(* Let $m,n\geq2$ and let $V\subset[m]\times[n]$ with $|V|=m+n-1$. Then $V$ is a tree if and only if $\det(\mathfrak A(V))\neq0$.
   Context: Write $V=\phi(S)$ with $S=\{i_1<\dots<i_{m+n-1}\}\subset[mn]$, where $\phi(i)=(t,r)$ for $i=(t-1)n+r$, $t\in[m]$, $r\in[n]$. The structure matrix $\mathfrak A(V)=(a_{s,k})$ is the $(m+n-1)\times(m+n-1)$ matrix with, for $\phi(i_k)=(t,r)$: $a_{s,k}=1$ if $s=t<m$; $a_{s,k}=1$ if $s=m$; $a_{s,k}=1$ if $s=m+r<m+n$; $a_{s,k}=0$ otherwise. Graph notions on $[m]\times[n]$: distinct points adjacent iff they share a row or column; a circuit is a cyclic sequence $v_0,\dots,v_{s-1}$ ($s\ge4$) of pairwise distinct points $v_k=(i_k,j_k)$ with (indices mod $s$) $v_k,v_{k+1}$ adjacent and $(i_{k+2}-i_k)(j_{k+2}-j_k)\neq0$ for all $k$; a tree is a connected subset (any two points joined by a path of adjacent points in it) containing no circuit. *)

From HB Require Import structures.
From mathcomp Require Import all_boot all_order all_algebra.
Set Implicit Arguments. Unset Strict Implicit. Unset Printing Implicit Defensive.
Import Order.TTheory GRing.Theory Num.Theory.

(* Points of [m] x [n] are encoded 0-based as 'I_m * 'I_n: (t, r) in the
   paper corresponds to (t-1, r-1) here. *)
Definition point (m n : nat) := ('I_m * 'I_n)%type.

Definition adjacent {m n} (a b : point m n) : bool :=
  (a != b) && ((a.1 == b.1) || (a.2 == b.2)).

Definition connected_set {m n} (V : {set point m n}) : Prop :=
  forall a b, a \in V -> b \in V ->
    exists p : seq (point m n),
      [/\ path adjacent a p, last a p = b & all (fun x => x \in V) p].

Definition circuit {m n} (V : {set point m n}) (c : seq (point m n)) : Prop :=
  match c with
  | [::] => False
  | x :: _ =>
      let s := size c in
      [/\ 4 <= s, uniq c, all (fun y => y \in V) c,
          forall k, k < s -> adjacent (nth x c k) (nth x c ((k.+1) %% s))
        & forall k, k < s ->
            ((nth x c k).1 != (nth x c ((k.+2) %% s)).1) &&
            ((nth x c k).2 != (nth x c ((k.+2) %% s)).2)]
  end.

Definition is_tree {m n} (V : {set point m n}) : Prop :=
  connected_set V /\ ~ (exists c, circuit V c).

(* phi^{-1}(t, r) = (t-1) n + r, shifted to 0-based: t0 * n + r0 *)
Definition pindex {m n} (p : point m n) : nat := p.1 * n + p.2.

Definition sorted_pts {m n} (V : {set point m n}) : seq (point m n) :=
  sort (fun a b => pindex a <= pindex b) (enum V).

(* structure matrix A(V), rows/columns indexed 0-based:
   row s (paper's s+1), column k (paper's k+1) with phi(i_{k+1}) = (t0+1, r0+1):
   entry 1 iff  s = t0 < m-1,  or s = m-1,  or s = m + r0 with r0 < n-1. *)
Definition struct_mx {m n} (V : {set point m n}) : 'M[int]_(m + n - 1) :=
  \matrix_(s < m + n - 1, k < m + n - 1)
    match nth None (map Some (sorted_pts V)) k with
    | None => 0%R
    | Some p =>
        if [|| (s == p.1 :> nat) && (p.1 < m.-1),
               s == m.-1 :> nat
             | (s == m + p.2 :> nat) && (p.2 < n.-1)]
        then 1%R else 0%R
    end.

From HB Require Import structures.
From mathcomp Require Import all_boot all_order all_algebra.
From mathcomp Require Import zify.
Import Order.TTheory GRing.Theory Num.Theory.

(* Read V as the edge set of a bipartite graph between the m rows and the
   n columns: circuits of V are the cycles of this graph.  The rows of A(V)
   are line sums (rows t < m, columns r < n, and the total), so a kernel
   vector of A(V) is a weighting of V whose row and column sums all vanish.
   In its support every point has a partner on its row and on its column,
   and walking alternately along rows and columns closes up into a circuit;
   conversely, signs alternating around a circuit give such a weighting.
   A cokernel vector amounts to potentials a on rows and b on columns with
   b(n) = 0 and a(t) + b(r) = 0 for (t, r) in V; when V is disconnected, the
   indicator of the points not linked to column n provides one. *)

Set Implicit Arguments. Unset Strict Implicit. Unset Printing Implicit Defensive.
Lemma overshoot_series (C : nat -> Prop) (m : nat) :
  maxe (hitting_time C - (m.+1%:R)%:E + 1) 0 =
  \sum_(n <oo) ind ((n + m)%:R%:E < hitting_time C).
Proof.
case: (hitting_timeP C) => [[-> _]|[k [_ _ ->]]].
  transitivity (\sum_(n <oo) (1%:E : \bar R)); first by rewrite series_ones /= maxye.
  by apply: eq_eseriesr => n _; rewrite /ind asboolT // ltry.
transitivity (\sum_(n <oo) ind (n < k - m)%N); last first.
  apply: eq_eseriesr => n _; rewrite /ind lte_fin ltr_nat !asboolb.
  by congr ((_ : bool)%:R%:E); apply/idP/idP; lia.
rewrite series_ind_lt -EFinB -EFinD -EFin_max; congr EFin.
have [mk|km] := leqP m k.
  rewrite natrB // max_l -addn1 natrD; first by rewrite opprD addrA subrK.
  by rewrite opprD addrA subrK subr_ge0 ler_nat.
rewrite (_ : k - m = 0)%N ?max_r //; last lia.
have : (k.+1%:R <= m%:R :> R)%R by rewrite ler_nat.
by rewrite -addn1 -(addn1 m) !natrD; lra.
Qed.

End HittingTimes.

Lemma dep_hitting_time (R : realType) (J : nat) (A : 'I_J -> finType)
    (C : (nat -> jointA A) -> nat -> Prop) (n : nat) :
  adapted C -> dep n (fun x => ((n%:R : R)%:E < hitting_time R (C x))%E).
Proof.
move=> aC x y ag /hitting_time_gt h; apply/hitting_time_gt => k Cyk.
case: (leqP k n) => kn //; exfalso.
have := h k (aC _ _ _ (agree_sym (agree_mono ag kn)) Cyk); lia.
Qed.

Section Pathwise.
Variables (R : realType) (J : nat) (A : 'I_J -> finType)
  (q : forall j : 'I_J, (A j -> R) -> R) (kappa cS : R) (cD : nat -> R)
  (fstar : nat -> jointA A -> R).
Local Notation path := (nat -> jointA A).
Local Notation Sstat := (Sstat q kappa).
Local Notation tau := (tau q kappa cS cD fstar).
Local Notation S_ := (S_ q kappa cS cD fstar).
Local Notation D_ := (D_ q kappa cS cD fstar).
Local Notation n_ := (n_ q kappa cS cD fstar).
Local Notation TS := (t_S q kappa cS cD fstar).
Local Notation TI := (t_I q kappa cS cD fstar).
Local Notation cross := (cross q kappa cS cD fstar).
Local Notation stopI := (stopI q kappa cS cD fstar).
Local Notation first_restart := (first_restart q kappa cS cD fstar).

## WHAT YOU SHOULD DO
Please return only the lines above, starting at the line that has "(fstar : nat -> jointA A -> R)." and ending at the line that has "Local Notation cross", keeping both and leaving each one unchanged.

## ANSWER BOX
  (fstar : nat -> jointA A -> R).
Local Notation path := (nat -> jointA A).
Local Notation Sstat := (Sstat q kappa).
Local Notation tau := (tau q kappa cS cD fstar).
Local Notation S_ := (S_ q kappa cS cD fstar).
Local Notation D_ := (D_ q kappa cS cD fstar).
Local Notation n_ := (n_ q kappa cS cD fstar).
Local Notation TS := (t_S q kappa cS cD fstar).
Local Notation TI := (t_I q kappa cS cD fstar).
Local Notation cross := (cross q kappa cS cD fstar).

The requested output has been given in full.